2014 Fiscal Year Research-status Report
Research on visualization and information extraction from ancient Mongolian historical documents
Project/Area Number |
26730166
|
Research Institution | Ritsumeikan University |
Principal Investigator |
バトジャルガル ビルゲ 立命館大学, 衣笠総合研究機構, 研究員 (30725396)
|
Project Period (FY) |
2014-04-01 – 2017-03-31
|
Keywords | historical documents / traditional Mongolian / named entity extraction / digital library |
Outline of Annual Research Achievements |
In this research, we propose an information extraction method for digitized ancient Mongolian documents by utilizing an ancient-modern dictionary. In the FY2014, the following language resources have been prepared.
1. An ancient-modern (traditional Mongolian and Cyrillic Mongolian) dictionary and parallel corpora: A dictionary have been built by comparing the statistical information such as co-occurrence frequencies and word frequencies that had appeared both in modern and ancient parallel corpora of ancient Mongolian historical documents such as "The Altan Tobchi", "The Story of Asragch" and the "The Secret History of the Mongols”. 2. Annotated training data: Annotated training data have been prepared manually by utilizing a chronological book of ancient Mongolian kings and the Mongol Empire-"Altan tovch".
|
Current Status of Research Progress |
Current Status of Research Progress
2: Research has progressed on the whole more than it was originally planned.
Reason
Useful language resources have been prepared according to the research plan. As planned, above language resources will allow advancing my research towards to the research goal in developing an automatic named entity extraction method by employing automated text mining techniques that aim to reduce the labor-intensive annotation on historical text.

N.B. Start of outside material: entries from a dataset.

(* Transported to [S] through [chi], [h] is locally the restriction of some [g]
   regular on an open subset of U. *)
Lemma sfun_factor_chart O (h : T -> K) t : sopen s O -> sfun s O h -> O t -> Tk t ->
  exists B (g : U -> K) A, [/\ sopen (TF U) B /\ sfun (TF U) B g, sopen s A, A t,
    A `<=` O `&` Tk & forall t', A t' -> B (chart_map t') /\ h t' = g (chart_map t')].
Proof.
move=> oO sh Ot Tkt; have [po _] := sphi; have [_ cf] := schi.
have [_ sh'] := cf _ _ (sopen_induced Tk oO) (sfun_induced Tk oO sh).
have /sh' [_ [B [g [[B' oB' ->] B'phit WS [oB sg] e]]]] :
  (chi @^-1` (@proj1_sig T Tk @^-1` O)) (phi (exist _ t Tkt)) by rewrite /= phiK.
have [A0 oA0 eA0] := po _ (sopen_induced S oB').
exists B, g, (O `&` Tk `&` A0); split=> //.
- exact: (sopenI hs (sopenI hs oO oTk) oA0).
- by split=> //; rewrite -[A0 t]/((@proj1_sig T Tk @^-1` A0) (exist _ t Tkt)) -eA0.
move=> t' [[_ Tkt'] A0t']; rewrite (chart_mapE Tkt').
have : (phi @^-1` (@proj1_sig U S @^-1` B')) (exist _ t' Tkt') by rewrite eA0.
by move=> /e []; rewrite /= phiK.
Qed.

Lemma sfuns_factor_chart (I : eqType) (r : seq I) (h : I -> T -> K) O t :
  sopen s O -> (forall i, sfun s O (h i)) -> O t -> Tk t ->
  exists B (g : I -> U -> K) A, [/\ sopen (TF U) B /\ (forall i, sfun (TF U) B (g i)),
    sopen s A, A t, A `<=` O `&` Tk &
    forall t', A t' -> B (chart_map t') /\
      forall i, i \in r -> h i t' = g i (chart_map t')].
Proof.
have hU := taylor_sfspace HTF U; move=> oO sh Ot Tkt; elim: r => [|j r IH].
  exists setT, (fun _ _ => 0%R), (O `&` Tk); split=> //.
  - by split=> [|i /=]; [exact: sopenT | exact: (sfun_cst hU 0%R (sopenT hU))].
  exact: (sopenI hs oO oTk).
have [B1 [g1 [A1 [[oB1 sg1] oA1 A1t A1O e1]]]] := IH.
have [B2 [g2 [A2 [[oB2 sg2] oA2 A2t A2O e2]]]] := sfun_factor_chart oO (sh j) Ot Tkt.
have oB := sopenI hU oB1 oB2.
exists (B1 `&` B2), (fun i => if i == j then g2 else g1 i), (A1 `&` A2); split.
- split=> // i; case: (i == j).
    by apply: (sfun_restr hU oB2 oB) => // z [].
  by apply: (sfun_restr hU oB1 oB) => // z [].
- exact: (sopenI hs oA1 oA2).
- by split.
- by move=> z [/A1O].
move=> t' [/e1 [B1t' {}e1] /e2 [B2t' {}e2]]; split=> // i.
by rewrite in_cons; case: eqP => [-> _|_ /e1 //]; exact: e2.
Qed.

Lemma smooth_on_factor_chart (V : vectType K) (O : set T) (a : T -> V) t :
  sopen s O -> smooth_on s (TF V) O a -> O t -> Tk t ->
  exists B (G : U -> V) A, [/\ sopen (TF U) B /\ smooth_on (TF U) (TF V) B G, sopen s A,
    A t, A `<=` O `&` Tk & forall t', A t' -> B (chart_map t') /\ a t' = G (chart_map t')].
Proof.
have hU := taylor_sfspace HTF U; move=> oO ha Ot Tkt.
pose e := vbasis (fullv : {vspace V}).
have sh (i : 'I_(\dim (fullv : {vspace V}))) : sfun s O (coord e i \o a).
  exact: (sfun_on_lin_functional HTF ha (lin_functional_coord e i)).
have [B [g [A [[oB sg] oA At AO eg]]]] := sfuns_factor_chart (enum 'I__) oO sh Ot Tkt.
exists B, (fun u => \sum_i g i u *: e`_i)%R, A; split=> //.
  split=> //; apply: taylor_smooth_on => // psi lpsi.
  have -> : psi \o (fun u => \sum_i g i u *: e`_i)%R = (fun u => \sum_i g i u * psi e`_i)%R.
    by apply: funext => u; exact: lin_functional_sum.
  by apply: (sfun_sum hU oB) => i; apply: (sfunM hU oB) => //; exact: sfun_cst.
move=> t' /eg [Bt' et']; split=> //; rewrite [LHS](coord_vbasis (memvf (a t'))).
by apply: eq_bigr => i _; rewrite -et' // mem_enum.
Qed.

Lemma smooth_on_pair_chart (V W : vectType K) (O : set T) (a : T -> V) (b : T -> W) t :
  sopen s O -> smooth_on s (TF V) O a -> smooth_on s (TF W) O b -> O t -> Tk t ->
  exists N, [/\ sopen s N, N t, N `<=` O &
    smooth_on s (TF (V * W)%type) N (fun x => (a x, b x))].
Proof.
have hU := taylor_sfspace HTF U; move=> oO ha hb Ot Tkt.
have [Ba [Ga [Aa [[oBa sGa] oAa Aat AaO ea]]]] := smooth_on_factor_chart oO ha Ot Tkt.
have [Bb [Gb [Ab [[oBb sGb] oAb Abt AbO eb]]]] := smooth_on_factor_chart oO hb Ot Tkt.
have oB := sopenI hU oBa oBb.
have sG : smooth_on (TF U) (TF (V * W)%type) (Ba `&` Bb) (fun u => (Ga u, Gb u)).
  apply: smooth_on_pair_open => //.
    by apply: (smooth_on_sub hU oB _ sGa) => z [].
  by apply: (smooth_on_sub hU oB _ sGb) => z [].
have oA := sopenI hs oAa oAb.
exists (Aa `&` Ab); split=> //; first by move=> z [/AaO []].
apply: (smooth_on_sub_eq hs oA _ _ (smooth_on_comp smooth_on_chart_map sG)).
  move=> z [/[dup] /AaO [_ Tkz] /ea [Baz _] /eb [Bbz _]]; by split.
by move=> z [/ea [_ ->] /eb [_ ->]].
Qed.

End Chart.

Section Product.
Variables (K : numFieldType) (TF : taylor_family K).
Hypothesis HTF : is_taylor_family TF.

Lemma smooth_on_pair T (s : sfstr K T) (V W : vectType K) (O : set T) (a : T -> V)
    (b : T -> W) :
  prevariety TF s -> sopen s O -> smooth_on s (TF V) O a -> smooth_on s (TF W) O b ->
  smooth_on s (TF (V * W)%type) O (fun x => (a x, b x)).
Proof.
move=> [hs [I [Ui [_ oUi cover charts]]]] oO ha hb.
apply: (smooth_on_local hs oO) => x Ox.
have [i _ Uix] : (\bigcup_i Ui i) x by rewrite cover.
have [U [S [_ [phi [chi [sphi schi phiK _]]]]]] := charts i.
exact: (smooth_on_pair_chart HTF hs (oUi i) sphi schi phiK oO ha hb Ox Uix).
Qed.

Variables (M N : Type) (sM : sfstr K M) (sN : sfstr K N).

Definition prod_sfstr : sfstr K (M * N) := @SFStr K (M * N)
  (fun A => forall T (s : sfstr K T) (a : T -> M) (b : T -> N),
     prevariety TF s -> smooth s sM a -> smooth s sN b ->
     sopen s ((fun x => (a x, b x)) @^-1` A))
  (fun A f => forall T (s : sfstr K T) (a : T -> M) (b : T -> N),
     prevariety TF s -> smooth s sM a -> smooth s sN b ->
     sopen s ((fun x => (a x, b x)) @^-1` A) /\
     sfun s ((fun x => (a x, b x)) @^-1` A) (f \o (fun x => (a x, b x)))).

Lemma prod_sfspace : is_sfspace prod_sfstr.
Proof.
split.
- split.
  + by move=> T s a b [hs _] _ _; rewrite preimage_setT; exact: sopenT.
  + by move=> T s a b [hs _] _ _; rewrite preimage_set0; exact: sopen0.
  + move=> A B oA oB T s a b hp ha hb; rewrite preimage_setI.
    exact: (sopenI hp.1 (oA _ _ _ _ hp ha hb) (oB _ _ _ _ hp ha hb)).
  + move=> I A oA T s a b hp ha hb; rewrite preimage_bigcup.
    by apply: (sopen_bigcup hp.1) => i; exact: oA.
- move=> U oU; split.
  + move=> c T s a b hp ha hb; have oP := oU _ _ _ _ hp ha hb.
    by split=> //; exact: (sfun_cst hp.1 c oP).
  + move=> f g sf sg T s a b hp ha hb.
    have [oP sf'] := sf _ _ _ _ hp ha hb; have [_ sg'] := sg _ _ _ _ hp ha hb.
    by split=> //; exact: (sfunD hp.1 oP sf' sg').
  + move=> f g sf sg T s a b hp ha hb.
    have [oP sf'] := sf _ _ _ _ hp ha hb; have [_ sg'] := sg _ _ _ _ hp ha hb.
    by split=> //; exact: (sfunM hp.1 oP sf' sg').
  + move=> c f sf T s a b hp ha hb; have [oP sf'] := sf _ _ _ _ hp ha hb.
    by split=> //; exact: (sfunZ hp.1 c oP sf').
- move=> U W f _ oW WU sf T s a b hp ha hb.
  have [oP sf'] := sf _ _ _ _ hp ha hb; have oQ := oW _ _ _ _ hp ha hb.
  by split=> //; apply: (sfun_restr hp.1 oP oQ) => // x /WU.
move=> U I Ui f oU oUi eU hg T s a b hp ha hb; split; first exact: oU.
have [[_ _ _ glue] _] := hp.
apply: (glue _ I (fun i => (fun x => (a x, b x)) @^-1` Ui i)).
- exact: oU.
- by move=> i; exact: oUi.
- by rewrite eU preimage_bigcup.
move=> i; have [g sg fg] := hg i; exists (g \o (fun x => (a x, b x))).
  exact: (sg _ _ _ _ hp ha hb).2.
by move=> x /fg.
Qed.

Lemma prod_smooth_fst : smooth prod_sfstr sM fst.
Proof.
split=> [B oB T s a b _ ha _|B f oB sf T s a b _ ha _]; first exact: (ha.1 B oB).
by split; [exact: (ha.1 B oB) | exact: (ha.2 B f oB sf)].
Qed.

Lemma prod_smooth_snd : smooth prod_sfstr sN snd.
Proof.
split=> [B oB T s a b _ _ hb|B f oB sf T s a b _ _ hb]; first exact: (hb.1 B oB).
by split; [exact: (hb.1 B oB) | exact: (hb.2 B f oB sf)].
Qed.

Lemma prod_smooth_pair T (s : sfstr K T) (a : T -> M) (b : T -> N) :
  prevariety TF s -> smooth s sM a -> smooth s sN b ->
  smooth s prod_sfstr (fun x => (a x, b x)).
Proof.
move=> hp ha hb; split=> [A oA|A f _ sf]; first exact: oA.
exact: (sf _ _ _ _ hp ha hb).2.
Qed.

Lemma prod_smooth_on (V W : vectType K) (O1 : set M) (O2 : set N) (c1 : M -> V)
    (c2 : N -> W) :
  sopen sM O1 -> sopen sN O2 -> smooth_on sM (TF V) O1 c1 -> smooth_on sN (TF W) O2 c2 ->
  smooth_on prod_sfstr (TF (V * W)%type) (O1 `*` O2) (fun z => (c1 z.1, c2 z.2)).
Proof.
move=> oO1 oO2 h1 h2 B oB.
have pullback T (s : sfstr K T) a b : prevariety TF s -> smooth s sM a -> smooth s sN b ->
    smooth_on s (TF (V * W)%type) (a @^-1` O1 `&` b @^-1` O2)
      (fun x => (c1 (a x), c2 (b x))).
  move=> hp ha hb; have hs := hp.1.
  have oO := sopenI hs (ha.1 _ oO1) (hb.1 _ oO2).
  apply: (smooth_on_pair hp oO).
    by apply: (smooth_on_sub hs oO _ (smooth_on_precomp ha h1)) => x [].
  by apply: (smooth_on_sub hs oO _ (smooth_on_precomp hb h2)) => x [].
split=> [T s a b hp ha hb|f sf T s a b hp ha hb].
  exact: (pullback _ _ _ _ hp ha hb B oB).1.
by have [o1 f1] := pullback _ _ _ _ hp ha hb B oB; split=> //; exact: f1.
Qed.

Lemma prod_chart_iso (O1 : set M) (O2 : set N) (V W : vectType K) (S1 : set V)
    (S2 : set W) :
  is_sfspace sM -> is_sfspace sN -> sopen sM O1 -> sopen sN O2 ->
  locally_closed (TF V) S1 -> locally_closed (TF W) S2 ->
  sf_iso (induced sM O1) (induced (TF V) S1) ->
  sf_iso (induced sN O2) (induced (TF W) S2) ->
  sf_iso (induced prod_sfstr (O1 `*` O2)) (induced (TF (V * W)%type) (S1 `*` S2)).
Proof.
move=> hM hN oO1 oO2 lc1 lc2 [phi1 [chi1 [sphi1 schi1 phi1K chi1K]]]
  [phi2 [chi2 [sphi2 schi2 phi2K chi2K]]].
have hVW := taylor_sfspace HTF (V * W)%type.
have hS := induced_sfspace (S1 `*` S2) hVW.
pose psi (z : {z | (O1 `*` O2) z}) : {y | (S1 `*` S2) y} :=
  exist _ (proj1_sig (phi1 (exist _ (proj1_sig z).1 (proj1 (proj2_sig z)))),
           proj1_sig (phi2 (exist _ (proj1_sig z).2 (proj2 (proj2_sig z)))))
        (conj (proj2_sig (phi1 _)) (proj2_sig (phi2 _))).
pose chi (y : {y | (S1 `*` S2) y}) : {z | (O1 `*` O2) z} :=
  exist _ (proj1_sig (chi1 (exist _ (proj1_sig y).1 (proj1 (proj2_sig y)))),
           proj1_sig (chi2 (exist _ (proj1_sig y).2 (proj2 (proj2_sig y)))))
        (conj (proj2_sig (chi1 _)) (proj2_sig (chi2 _))).
pose r1 (y : {y | (S1 `*` S2) y}) : {v | S1 v} :=
  exist _ (proj1_sig y).1 (proj1 (proj2_sig y)).
pose r2 (y : {y | (S1 `*` S2) y}) : {w | S2 w} :=
  exist _ (proj1_sig y).2 (proj2 (proj2_sig y)).
have sr1 : smooth (induced (TF (V * W)%type) (S1 `*` S2)) (induced (TF V) S1) r1.
  exact: (smooth_to_induced (c := r1) hS
    (smooth_comp (smooth_val _ _) (smooth_fst HTF V W))).
have sr2 : smooth (induced (TF (V * W)%type) (S1 `*` S2)) (induced (TF W) S2) r2.
  exact: (smooth_to_induced (c := r2) hS
    (smooth_comp (smooth_val _ _) (smooth_snd HTF V W))).
exists psi, chi; split.
- apply: (smooth_to_induced (induced_sfspace _ prod_sfspace)).
  have -> : (fun z => proj1_sig (psi z)) =
      (fun z => (chart_map phi1 z.1, chart_map phi2 z.2)) \o @proj1_sig _ (O1 `*` O2).
    apply: funext => -[[m n] hmn] /=.
    by rewrite (chart_mapE phi1 (proj1 hmn)) (chart_mapE phi2 (proj2 hmn)).
  apply/smooth_on_induced/prod_smooth_on => //.
    exact: (smooth_on_chart_map hM oO1 sphi1).
  exact: (smooth_on_chart_map hN oO2 sphi2).
- apply: (smooth_to_induced hS); apply: prod_smooth_pair.
  + exact/prevariety_locally_closed/locally_closedX.
  + exact: (smooth_comp (smooth_comp sr1 schi1) (smooth_val _ _)).
  + exact: (smooth_comp (smooth_comp sr2 schi2) (smooth_val _ _)).
- move=> [[m n] [hm hn]]; apply: eq_exist => /=.
  by rewrite !sig_valK phi1K phi2K.
move=> [[v w] [hv hw]]; apply: eq_exist => /=.
by rewrite !sig_valK chi1K chi2K.
Qed.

Several rules for information extraction and Named-entity recognition are partially prepared.
|
Strategy for Future Research Activity |
In the FY2015, we will propose a named-entities extraction method for ancient Mongolian historical documents that will utilize ancient Mongolian linguistic grammar-based techniques along with a statistical model by employing text mining techniques. The following tasks will be implemented: 1) Extracting and tagging the named entities such as historical figures and place names in ancient Mongolian historical documents 2) Tagging the personal names including generational or dynastic information, an inherited or life-time title of nobility, or a traditional descriptive phrase or nick-names. Besides extracting the named-entities, the following tasks will be done in creating the digital representations of ancient Mongolian historical documents: 1. To encode contextual information for formalizing and representing explicit information about context. 2. To encode ancient words, which were misspelled or written differently than ancient orthography, along with their modern orthography while preserving the writing of original manuscripts. 3. To represent editorial markup, commentaries, alterations, revisions, corrections, transcriptions and interpretations. Moreover, continuous experiments will be conducted to improve the proposed methods.
|
Causes of Carryover |
The remaining budget have occurred due to my maedaoshi (前倒し) application. When I applied for maedaoshi, I set an approximate amount since my actual expenditure was unclear. Moreover, the kaken-hi system allowed me select round figures only.
|
Expenditure Plan for Carryover Budget |
I will use the remaining budget for next years research.
|